↓↓↓
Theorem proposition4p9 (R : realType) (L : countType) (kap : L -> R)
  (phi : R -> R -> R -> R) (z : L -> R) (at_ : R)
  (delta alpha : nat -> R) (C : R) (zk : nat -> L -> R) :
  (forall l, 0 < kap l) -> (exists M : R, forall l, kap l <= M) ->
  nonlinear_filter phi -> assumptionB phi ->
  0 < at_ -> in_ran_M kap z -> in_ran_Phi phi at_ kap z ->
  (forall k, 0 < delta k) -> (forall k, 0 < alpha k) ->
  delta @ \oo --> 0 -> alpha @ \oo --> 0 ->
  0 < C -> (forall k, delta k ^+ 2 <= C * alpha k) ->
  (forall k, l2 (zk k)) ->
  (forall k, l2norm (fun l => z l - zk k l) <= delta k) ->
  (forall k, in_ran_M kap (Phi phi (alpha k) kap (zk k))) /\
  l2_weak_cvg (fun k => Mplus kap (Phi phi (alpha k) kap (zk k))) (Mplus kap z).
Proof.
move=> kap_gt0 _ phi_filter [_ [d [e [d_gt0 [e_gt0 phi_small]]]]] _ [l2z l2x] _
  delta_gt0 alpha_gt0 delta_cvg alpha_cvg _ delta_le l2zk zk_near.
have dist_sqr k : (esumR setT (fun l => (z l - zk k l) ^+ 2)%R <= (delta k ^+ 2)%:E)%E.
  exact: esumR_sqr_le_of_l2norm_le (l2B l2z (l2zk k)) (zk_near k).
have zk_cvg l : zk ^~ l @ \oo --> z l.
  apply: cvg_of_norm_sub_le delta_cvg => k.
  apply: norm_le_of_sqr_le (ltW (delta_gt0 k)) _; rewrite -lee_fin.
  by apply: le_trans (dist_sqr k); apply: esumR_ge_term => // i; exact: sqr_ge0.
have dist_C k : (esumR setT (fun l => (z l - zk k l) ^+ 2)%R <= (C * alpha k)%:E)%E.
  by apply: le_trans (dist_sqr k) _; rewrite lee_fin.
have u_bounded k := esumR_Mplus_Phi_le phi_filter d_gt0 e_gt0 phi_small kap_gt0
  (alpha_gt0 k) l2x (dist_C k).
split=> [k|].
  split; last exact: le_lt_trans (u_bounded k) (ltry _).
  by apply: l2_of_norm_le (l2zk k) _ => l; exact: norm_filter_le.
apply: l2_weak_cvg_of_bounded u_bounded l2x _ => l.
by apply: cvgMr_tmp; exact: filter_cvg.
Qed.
↑↑↑
Return only those lines that run from the one containing "move=> kap_gt0 _" through the end of the entries, keeping each exactly as written.

* **Expected output**:
move=> kap_gt0 _ phi_filter [_ [d [e [d_gt0 [e_gt0 phi_small]]]]] _ [l2z l2x] _
  delta_gt0 alpha_gt0 delta_cvg alpha_cvg _ delta_le l2zk zk_near.
have dist_sqr k : (esumR setT (fun l => (z l - zk k l) ^+ 2)%R <= (delta k ^+ 2)%:E)%E.
  exact: esumR_sqr_le_of_l2norm_le (l2B l2z (l2zk k)) (zk_near k).
have zk_cvg l : zk ^~ l @ \oo --> z l.
  apply: cvg_of_norm_sub_le delta_cvg => k.
  apply: norm_le_of_sqr_le (ltW (delta_gt0 k)) _; rewrite -lee_fin.
  by apply: le_trans (dist_sqr k); apply: esumR_ge_term => // i; exact: sqr_ge0.
have dist_C k : (esumR setT (fun l => (z l - zk k l) ^+ 2)%R <= (C * alpha k)%:E)%E.
  by apply: le_trans (dist_sqr k) _; rewrite lee_fin.
have u_bounded k := esumR_Mplus_Phi_le phi_filter d_gt0 e_gt0 phi_small kap_gt0
  (alpha_gt0 k) l2x (dist_C k).
split=> [k|].
  split; last exact: le_lt_trans (u_bounded k) (ltry _).
  by apply: l2_of_norm_le (l2zk k) _ => l; exact: norm_filter_le.
apply: l2_weak_cvg_of_bounded u_bounded l2x _ => l.
by apply: cvgMr_tmp; exact: filter_cvg.
Qed.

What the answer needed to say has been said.